Exercise aim
All of the data below needs to be set down once more, exactly as written.

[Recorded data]
--

Lemma card_ord_lt n m : m <= n -> #|[set x : 'I_n | x < m]| = m.
Proof.
move=> mn; have widen_inj : injective (widen_ord mn) by move=> x y [] /val_inj.
rewrite -[RHS](card_ord m) -(card_imset _ widen_inj).
apply: eq_card => x; rewrite inE; apply/idP/imsetP => [xm | [y _ ->]]; last by rewrite /= ltn_ord.
by exists (Ordinal xm) => //; exact: val_inj.
Qed.

Lemma uniformP (T : finType) r (H : {set {set T}}) :
  reflect (forall e, e \in H -> #|e| = r) (uniform r H).
Proof. by apply: (iffP forall_inP) => hH e /hH => [/eqP | ->]. Qed.

Lemma uniform_card (T : finType) r (H : {set {set T}}) e :
  uniform r H -> e \in H -> #|e| = r.
Proof. by move/uniformP; apply. Qed.

Lemma uniform_subset (T : finType) r (G H : {set {set T}}) :
  G \subset H -> uniform r H -> uniform r G.
Proof. by move=> GH /uniformP hH; apply/uniformP => e /(subsetP GH) /hH. Qed.

Lemma containsP (V W : finType) (F : {set {set V}}) (G : {set {set W}}) :
  reflect (exists f : {ffun V -> W},
             {in cover F &, injective f} /\ forall e, e \in F -> f @: e \in G)
          (contains F G).
Proof.
apply: (iffP existsP) => [[f /andP [/forallP finj /forallP fE]] | [f [finj fE]]].
  exists f; split=> [x y xF yF fxy | e eF]; last by have := fE e; rewrite eF.
  by move: (finj x); rewrite xF => /forall_inP/(_ y yF); rewrite fxy eqxx => /eqP.
exists f; apply/andP; split; apply/forall_inP => x xF; last exact: fE.
by apply/forall_inP => y yF; apply/implyP => /eqP /finj ->.
Qed.

Lemma contains_subset (V W : finType) (F : {set {set V}}) (G1 G2 : {set {set W}}) :
  G1 \subset G2 -> contains F G1 -> contains F G2.
Proof.
move=> G12 /containsP [f [finj fE]]; apply/containsP; exists f; split=> // e eF.
exact: subsetP G12 _ (fE e eF).
Qed.

Section Stars.
Variables (T : finType) (r : nat).
Implicit Types (H G : {set {set T}}) (c x : T) (P : nat -> {set T}) (m : nat).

--

Solution for this problem
Lemma card_ord_lt n m : m <= n -> #|[set x : 'I_n | x < m]| = m.
Proof.
move=> mn; have widen_inj : injective (widen_ord mn) by move=> x y [] /val_inj.
rewrite -[RHS](card_ord m) -(card_imset _ widen_inj).
apply: eq_card => x; rewrite inE; apply/idP/imsetP => [xm | [y _ ->]]; last by rewrite /= ltn_ord.
by exists (Ordinal xm) => //; exact: val_inj.
Qed.

Lemma uniformP (T : finType) r (H : {set {set T}}) :
  reflect (forall e, e \in H -> #|e| = r) (uniform r H).
Proof. by apply: (iffP forall_inP) => hH e /hH => [/eqP | ->]. Qed.

Lemma uniform_card (T : finType) r (H : {set {set T}}) e :
  uniform r H -> e \in H -> #|e| = r.
Proof. by move/uniformP; apply. Qed.

Lemma uniform_subset (T : finType) r (G H : {set {set T}}) :
  G \subset H -> uniform r H -> uniform r G.
Proof. by move=> GH /uniformP hH; apply/uniformP => e /(subsetP GH) /hH. Qed.

Lemma containsP (V W : finType) (F : {set {set V}}) (G : {set {set W}}) :
  reflect (exists f : {ffun V -> W},
             {in cover F &, injective f} /\ forall e, e \in F -> f @: e \in G)
          (contains F G).
Proof.
apply: (iffP existsP) => [[f /andP [/forallP finj /forallP fE]] | [f [finj fE]]].
  exists f; split=> [x y xF yF fxy | e eF]; last by have := fE e; rewrite eF.
  by move: (finj x); rewrite xF => /forall_inP/(_ y yF); rewrite fxy eqxx => /eqP.
exists f; apply/andP; split; apply/forall_inP => x xF; last exact: fE.
by apply/forall_inP => y yF; apply/implyP => /eqP /finj ->.
Qed.

Lemma contains_subset (V W : finType) (F : {set {set V}}) (G1 G2 : {set {set W}}) :
  G1 \subset G2 -> contains F G1 -> contains F G2.
Proof.
move=> G12 /containsP [f [finj fE]]; apply/containsP; exists f; split=> // e eF.
exact: subsetP G12 _ (fE e eF).
Qed.

Section Stars.
Variables (T : finType) (r : nat).
Implicit Types (H G : {set {set T}}) (c x : T) (P : nat -> {set T}) (m : nat).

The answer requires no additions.